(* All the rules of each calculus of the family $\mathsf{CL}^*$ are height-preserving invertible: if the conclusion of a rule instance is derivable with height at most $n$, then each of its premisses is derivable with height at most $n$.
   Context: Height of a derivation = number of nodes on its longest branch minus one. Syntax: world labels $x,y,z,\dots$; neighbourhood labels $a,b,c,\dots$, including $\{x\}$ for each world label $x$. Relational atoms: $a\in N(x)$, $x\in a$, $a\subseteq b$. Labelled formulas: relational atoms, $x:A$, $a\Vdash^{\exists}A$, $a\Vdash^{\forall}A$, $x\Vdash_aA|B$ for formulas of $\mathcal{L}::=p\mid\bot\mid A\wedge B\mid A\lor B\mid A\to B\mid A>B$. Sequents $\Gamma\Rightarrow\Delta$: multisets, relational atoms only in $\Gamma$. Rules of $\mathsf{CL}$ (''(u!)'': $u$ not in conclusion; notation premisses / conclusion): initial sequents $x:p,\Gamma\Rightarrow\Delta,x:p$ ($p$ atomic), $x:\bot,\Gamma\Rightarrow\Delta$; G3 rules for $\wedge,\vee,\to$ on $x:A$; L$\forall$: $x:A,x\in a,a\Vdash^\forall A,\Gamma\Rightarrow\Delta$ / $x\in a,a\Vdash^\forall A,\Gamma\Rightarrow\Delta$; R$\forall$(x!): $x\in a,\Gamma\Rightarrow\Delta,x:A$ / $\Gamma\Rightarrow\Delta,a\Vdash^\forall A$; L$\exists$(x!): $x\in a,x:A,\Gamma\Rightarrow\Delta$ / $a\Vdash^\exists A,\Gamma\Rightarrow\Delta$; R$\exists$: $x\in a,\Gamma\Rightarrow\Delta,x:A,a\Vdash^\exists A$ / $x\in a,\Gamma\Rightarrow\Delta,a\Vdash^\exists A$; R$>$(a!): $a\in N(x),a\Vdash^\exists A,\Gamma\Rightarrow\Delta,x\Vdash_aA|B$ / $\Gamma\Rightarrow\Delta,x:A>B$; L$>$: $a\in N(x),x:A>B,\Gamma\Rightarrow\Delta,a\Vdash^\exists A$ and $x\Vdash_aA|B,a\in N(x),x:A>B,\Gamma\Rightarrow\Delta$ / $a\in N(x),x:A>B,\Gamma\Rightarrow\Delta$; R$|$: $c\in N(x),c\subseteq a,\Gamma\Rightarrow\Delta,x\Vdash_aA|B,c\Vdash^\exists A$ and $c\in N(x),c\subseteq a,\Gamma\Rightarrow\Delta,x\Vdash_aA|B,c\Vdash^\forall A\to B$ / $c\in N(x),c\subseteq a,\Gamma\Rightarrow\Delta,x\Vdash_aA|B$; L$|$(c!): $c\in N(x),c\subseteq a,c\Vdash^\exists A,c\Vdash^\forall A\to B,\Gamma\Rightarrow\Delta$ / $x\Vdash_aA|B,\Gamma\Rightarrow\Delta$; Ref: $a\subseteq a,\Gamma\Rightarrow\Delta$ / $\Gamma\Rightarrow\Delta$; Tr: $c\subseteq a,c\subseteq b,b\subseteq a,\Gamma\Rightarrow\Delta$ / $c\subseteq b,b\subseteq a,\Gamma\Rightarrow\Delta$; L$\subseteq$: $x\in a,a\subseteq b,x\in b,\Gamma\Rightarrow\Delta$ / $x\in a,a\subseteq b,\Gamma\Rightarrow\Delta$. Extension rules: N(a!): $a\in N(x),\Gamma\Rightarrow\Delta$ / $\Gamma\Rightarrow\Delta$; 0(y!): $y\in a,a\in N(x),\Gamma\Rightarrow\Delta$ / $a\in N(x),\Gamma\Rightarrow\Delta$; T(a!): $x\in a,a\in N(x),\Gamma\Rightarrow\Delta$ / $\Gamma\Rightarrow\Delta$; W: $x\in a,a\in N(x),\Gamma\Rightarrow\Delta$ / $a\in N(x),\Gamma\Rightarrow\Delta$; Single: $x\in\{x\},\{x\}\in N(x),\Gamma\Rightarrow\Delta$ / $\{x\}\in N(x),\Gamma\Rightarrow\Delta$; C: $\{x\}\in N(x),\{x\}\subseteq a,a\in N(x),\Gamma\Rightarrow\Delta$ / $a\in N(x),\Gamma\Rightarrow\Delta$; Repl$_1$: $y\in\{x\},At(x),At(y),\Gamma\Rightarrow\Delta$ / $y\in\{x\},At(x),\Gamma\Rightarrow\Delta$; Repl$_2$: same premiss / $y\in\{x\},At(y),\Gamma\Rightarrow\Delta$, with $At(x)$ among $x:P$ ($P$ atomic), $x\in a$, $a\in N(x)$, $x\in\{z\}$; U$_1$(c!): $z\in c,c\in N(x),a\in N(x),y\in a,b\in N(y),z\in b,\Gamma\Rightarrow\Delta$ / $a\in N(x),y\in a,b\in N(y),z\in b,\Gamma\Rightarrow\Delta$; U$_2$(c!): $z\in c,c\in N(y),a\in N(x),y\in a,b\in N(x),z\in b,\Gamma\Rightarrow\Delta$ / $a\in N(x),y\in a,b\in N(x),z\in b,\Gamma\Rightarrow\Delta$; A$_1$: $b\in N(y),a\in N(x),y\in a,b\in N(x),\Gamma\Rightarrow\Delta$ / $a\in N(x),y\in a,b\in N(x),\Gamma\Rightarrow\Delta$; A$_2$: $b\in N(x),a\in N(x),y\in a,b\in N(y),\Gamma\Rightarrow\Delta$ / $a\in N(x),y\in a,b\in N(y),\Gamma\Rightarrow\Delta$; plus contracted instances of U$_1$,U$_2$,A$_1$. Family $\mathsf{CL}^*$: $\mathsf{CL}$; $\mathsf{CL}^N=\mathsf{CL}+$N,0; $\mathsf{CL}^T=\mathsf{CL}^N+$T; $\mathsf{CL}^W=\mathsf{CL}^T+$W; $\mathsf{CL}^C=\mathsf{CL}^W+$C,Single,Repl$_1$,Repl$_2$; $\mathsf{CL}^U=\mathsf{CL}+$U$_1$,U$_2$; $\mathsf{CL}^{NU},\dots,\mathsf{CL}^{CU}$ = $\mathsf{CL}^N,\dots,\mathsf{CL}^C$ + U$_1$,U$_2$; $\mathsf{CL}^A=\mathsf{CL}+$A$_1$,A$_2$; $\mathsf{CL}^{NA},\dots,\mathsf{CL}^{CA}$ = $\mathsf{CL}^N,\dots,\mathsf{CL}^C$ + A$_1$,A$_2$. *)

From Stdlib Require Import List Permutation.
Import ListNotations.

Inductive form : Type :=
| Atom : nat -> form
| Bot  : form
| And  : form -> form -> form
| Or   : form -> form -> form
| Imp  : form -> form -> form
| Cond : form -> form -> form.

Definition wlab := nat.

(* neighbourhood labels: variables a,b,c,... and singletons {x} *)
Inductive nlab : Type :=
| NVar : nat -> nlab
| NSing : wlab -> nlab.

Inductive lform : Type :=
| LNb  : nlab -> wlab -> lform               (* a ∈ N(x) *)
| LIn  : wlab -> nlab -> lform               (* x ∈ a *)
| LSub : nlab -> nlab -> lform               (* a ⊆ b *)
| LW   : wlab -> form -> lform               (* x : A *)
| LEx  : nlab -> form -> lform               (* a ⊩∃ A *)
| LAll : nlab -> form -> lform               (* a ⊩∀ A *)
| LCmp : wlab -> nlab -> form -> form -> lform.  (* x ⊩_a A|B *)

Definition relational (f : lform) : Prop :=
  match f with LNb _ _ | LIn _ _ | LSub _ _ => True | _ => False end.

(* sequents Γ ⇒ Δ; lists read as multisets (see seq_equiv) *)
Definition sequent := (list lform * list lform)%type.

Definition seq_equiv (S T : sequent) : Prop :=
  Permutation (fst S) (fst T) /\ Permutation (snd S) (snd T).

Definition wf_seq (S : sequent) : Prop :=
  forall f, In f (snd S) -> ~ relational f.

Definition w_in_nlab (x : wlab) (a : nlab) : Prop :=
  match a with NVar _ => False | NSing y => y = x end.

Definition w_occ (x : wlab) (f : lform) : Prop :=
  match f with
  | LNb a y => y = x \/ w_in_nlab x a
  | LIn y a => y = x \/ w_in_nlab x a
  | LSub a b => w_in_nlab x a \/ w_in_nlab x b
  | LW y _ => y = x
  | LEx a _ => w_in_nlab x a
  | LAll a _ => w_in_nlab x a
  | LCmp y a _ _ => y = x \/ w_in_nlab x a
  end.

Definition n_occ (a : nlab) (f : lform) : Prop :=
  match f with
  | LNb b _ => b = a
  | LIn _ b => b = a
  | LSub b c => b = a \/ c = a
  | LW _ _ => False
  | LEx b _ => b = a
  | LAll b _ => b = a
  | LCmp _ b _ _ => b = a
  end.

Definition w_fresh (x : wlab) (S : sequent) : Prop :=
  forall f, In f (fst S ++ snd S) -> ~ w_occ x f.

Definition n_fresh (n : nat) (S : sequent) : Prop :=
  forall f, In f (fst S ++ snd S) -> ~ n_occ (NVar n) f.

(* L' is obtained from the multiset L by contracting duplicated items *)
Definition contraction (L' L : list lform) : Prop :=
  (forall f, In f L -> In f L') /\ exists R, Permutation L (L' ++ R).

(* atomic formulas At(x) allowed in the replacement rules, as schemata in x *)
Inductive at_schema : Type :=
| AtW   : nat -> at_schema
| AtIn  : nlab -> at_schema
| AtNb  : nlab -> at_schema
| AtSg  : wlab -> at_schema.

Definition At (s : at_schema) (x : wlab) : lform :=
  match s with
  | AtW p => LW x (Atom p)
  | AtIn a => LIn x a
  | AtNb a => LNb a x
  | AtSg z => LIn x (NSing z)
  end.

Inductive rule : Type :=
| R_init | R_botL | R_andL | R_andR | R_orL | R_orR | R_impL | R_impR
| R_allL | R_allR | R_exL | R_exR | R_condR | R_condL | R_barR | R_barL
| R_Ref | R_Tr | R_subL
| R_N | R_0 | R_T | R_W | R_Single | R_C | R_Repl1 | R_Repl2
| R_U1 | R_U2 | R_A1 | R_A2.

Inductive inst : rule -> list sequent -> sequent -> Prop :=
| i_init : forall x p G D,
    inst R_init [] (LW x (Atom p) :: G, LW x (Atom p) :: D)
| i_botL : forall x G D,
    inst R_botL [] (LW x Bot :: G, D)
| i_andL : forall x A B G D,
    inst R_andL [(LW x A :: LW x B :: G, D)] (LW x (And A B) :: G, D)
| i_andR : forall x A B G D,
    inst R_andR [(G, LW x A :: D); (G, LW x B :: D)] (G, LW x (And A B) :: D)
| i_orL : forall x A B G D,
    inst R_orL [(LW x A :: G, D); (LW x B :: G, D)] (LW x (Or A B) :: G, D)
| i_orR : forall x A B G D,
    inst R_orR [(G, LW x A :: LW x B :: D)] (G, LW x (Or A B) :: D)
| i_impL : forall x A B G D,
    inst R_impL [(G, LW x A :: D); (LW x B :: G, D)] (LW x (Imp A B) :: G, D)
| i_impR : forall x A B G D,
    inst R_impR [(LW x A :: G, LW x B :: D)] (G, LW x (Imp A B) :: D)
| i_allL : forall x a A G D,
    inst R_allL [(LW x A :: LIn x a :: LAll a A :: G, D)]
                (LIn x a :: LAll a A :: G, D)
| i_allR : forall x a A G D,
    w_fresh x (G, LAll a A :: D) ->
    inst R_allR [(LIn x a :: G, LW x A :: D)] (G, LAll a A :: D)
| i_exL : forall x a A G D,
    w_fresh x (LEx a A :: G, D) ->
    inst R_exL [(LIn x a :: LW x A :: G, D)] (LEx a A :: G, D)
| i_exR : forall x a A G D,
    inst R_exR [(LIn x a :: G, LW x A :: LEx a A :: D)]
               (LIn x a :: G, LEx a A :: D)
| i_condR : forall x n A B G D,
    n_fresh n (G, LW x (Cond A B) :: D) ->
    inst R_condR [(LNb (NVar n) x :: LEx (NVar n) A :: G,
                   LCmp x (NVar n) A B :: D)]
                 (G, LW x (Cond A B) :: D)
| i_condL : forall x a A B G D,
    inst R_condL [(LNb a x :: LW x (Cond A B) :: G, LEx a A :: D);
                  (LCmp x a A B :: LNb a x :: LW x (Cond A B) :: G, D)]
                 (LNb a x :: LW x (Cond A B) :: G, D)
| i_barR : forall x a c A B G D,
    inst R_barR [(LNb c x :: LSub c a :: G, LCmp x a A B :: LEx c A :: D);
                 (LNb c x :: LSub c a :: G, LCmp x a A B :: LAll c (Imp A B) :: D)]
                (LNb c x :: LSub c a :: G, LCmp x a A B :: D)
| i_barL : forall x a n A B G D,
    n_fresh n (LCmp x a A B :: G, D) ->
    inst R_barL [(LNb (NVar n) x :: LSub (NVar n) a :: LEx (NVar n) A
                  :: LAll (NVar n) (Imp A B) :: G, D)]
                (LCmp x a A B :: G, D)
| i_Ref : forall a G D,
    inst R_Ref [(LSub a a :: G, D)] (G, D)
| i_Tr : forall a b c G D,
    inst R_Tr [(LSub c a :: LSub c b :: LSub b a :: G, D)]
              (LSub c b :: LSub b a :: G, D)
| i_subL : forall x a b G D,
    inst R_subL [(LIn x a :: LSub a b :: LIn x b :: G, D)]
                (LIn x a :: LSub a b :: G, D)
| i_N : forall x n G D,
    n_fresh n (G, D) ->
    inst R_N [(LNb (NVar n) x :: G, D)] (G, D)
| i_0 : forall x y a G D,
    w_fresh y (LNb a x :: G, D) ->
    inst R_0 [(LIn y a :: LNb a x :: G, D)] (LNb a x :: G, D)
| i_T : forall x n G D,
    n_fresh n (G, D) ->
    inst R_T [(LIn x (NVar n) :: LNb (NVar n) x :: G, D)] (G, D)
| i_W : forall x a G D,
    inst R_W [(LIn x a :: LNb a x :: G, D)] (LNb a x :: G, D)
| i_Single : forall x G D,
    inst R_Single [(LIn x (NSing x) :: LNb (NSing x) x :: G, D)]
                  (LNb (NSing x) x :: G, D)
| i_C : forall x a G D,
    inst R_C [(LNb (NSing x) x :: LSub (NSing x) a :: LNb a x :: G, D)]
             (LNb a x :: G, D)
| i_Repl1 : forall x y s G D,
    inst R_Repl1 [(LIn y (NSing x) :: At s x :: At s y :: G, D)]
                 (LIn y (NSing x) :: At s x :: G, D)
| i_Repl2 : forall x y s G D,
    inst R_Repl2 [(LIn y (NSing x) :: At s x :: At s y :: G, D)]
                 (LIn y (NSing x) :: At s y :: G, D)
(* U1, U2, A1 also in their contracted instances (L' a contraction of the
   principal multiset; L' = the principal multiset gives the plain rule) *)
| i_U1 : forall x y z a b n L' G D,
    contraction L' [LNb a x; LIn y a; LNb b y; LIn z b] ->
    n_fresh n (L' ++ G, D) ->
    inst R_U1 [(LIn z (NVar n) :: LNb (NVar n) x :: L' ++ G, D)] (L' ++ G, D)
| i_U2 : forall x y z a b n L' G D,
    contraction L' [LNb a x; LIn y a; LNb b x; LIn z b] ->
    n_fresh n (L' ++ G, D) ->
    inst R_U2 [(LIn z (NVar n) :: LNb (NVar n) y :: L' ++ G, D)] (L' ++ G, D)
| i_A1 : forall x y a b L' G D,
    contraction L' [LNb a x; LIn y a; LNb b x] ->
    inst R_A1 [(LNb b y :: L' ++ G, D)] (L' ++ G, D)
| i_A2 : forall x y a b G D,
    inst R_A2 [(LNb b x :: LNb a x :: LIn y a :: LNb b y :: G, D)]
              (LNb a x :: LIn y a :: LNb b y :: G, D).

—————

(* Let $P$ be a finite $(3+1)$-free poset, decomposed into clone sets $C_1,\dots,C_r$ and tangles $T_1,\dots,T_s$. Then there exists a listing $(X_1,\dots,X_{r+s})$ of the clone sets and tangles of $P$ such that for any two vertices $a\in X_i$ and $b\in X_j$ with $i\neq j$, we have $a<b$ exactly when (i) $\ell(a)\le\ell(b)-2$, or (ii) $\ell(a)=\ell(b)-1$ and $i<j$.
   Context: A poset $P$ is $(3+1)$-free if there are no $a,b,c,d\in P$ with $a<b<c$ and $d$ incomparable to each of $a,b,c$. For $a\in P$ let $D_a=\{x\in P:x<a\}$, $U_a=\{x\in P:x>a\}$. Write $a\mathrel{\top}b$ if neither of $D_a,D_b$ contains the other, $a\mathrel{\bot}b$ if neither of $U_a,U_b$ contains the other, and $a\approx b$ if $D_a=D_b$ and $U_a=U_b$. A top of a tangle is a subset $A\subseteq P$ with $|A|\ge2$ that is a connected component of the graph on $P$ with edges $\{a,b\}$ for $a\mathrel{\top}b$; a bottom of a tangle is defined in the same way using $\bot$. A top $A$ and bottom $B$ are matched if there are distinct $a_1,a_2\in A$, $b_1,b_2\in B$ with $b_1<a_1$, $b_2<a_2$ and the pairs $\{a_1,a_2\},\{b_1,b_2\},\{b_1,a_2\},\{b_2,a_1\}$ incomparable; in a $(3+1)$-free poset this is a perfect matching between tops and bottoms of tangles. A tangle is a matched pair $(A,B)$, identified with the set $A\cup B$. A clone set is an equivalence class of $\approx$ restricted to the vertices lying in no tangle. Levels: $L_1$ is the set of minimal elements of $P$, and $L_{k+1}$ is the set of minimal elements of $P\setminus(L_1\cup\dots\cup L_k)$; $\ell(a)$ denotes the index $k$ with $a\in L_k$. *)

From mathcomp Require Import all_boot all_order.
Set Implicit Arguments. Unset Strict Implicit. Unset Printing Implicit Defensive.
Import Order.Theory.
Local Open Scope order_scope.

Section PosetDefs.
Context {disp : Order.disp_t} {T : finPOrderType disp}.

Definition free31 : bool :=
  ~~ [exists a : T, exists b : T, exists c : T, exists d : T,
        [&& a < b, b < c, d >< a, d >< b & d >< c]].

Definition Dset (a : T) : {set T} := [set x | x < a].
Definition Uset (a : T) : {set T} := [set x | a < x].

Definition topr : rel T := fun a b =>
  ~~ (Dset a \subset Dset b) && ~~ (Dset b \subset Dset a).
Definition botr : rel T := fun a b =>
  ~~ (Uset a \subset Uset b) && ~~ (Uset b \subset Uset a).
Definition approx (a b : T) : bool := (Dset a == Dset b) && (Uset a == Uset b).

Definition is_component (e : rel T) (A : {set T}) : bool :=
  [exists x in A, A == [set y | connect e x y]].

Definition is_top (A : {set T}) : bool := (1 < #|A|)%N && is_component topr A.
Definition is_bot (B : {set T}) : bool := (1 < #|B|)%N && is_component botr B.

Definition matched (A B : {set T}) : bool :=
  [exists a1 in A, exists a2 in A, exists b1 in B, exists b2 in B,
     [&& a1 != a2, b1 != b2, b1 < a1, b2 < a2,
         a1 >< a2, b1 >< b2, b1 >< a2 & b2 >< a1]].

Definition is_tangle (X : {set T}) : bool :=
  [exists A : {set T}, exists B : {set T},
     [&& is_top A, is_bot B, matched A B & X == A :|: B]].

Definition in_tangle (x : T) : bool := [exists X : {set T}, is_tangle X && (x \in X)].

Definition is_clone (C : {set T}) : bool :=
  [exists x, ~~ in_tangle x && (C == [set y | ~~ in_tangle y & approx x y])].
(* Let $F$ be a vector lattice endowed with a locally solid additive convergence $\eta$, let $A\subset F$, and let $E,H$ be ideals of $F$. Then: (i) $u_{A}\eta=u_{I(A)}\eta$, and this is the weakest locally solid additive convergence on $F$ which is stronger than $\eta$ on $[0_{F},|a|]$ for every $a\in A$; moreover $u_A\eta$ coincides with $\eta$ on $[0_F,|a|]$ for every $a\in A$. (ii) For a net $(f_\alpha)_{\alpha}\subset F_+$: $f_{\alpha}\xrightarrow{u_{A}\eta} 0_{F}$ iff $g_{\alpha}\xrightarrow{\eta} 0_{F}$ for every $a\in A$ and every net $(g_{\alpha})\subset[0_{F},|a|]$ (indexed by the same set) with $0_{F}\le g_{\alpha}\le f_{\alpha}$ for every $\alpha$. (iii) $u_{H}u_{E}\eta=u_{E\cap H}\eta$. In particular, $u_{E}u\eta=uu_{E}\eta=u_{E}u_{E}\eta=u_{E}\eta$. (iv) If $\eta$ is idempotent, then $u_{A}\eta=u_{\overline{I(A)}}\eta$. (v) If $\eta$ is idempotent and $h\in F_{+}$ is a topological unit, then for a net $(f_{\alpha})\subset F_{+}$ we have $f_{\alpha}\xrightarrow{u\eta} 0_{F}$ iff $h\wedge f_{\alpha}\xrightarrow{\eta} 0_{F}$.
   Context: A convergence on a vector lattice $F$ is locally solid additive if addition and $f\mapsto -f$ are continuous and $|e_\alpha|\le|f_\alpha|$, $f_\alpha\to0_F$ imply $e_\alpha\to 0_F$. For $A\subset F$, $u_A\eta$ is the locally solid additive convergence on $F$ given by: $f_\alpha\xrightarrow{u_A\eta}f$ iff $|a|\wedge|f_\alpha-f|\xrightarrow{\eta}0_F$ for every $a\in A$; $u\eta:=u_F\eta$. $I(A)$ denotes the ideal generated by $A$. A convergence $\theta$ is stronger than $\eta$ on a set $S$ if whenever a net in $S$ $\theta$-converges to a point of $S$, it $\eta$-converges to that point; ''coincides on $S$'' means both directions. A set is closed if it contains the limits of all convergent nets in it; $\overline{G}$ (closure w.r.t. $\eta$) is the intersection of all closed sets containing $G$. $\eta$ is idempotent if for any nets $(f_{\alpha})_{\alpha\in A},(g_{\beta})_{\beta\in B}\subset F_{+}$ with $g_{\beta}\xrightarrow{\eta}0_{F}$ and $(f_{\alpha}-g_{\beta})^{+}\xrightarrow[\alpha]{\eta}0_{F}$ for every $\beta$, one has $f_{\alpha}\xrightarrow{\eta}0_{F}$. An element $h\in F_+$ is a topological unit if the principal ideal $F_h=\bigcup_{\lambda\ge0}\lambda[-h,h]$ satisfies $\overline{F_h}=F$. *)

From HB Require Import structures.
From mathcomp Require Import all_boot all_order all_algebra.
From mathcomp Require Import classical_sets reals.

—————

> _Exercise objective_: There is a run of lines above from the one with "Definition w_fresh (x" to the one with "Definition contraction (L'"; print exactly that run, both ends included, and nothing else.

> _Solution below_:
Definition w_fresh (x : wlab) (S : sequent) : Prop :=
  forall f, In f (fst S ++ snd S) -> ~ w_occ x f.

Definition n_fresh (n : nat) (S : sequent) : Prop :=
  forall f, In f (fst S ++ snd S) -> ~ n_occ (NVar n) f.

(* L' is obtained from the multiset L by contracting duplicated items *)
Definition contraction (L' L : list lform) : Prop :=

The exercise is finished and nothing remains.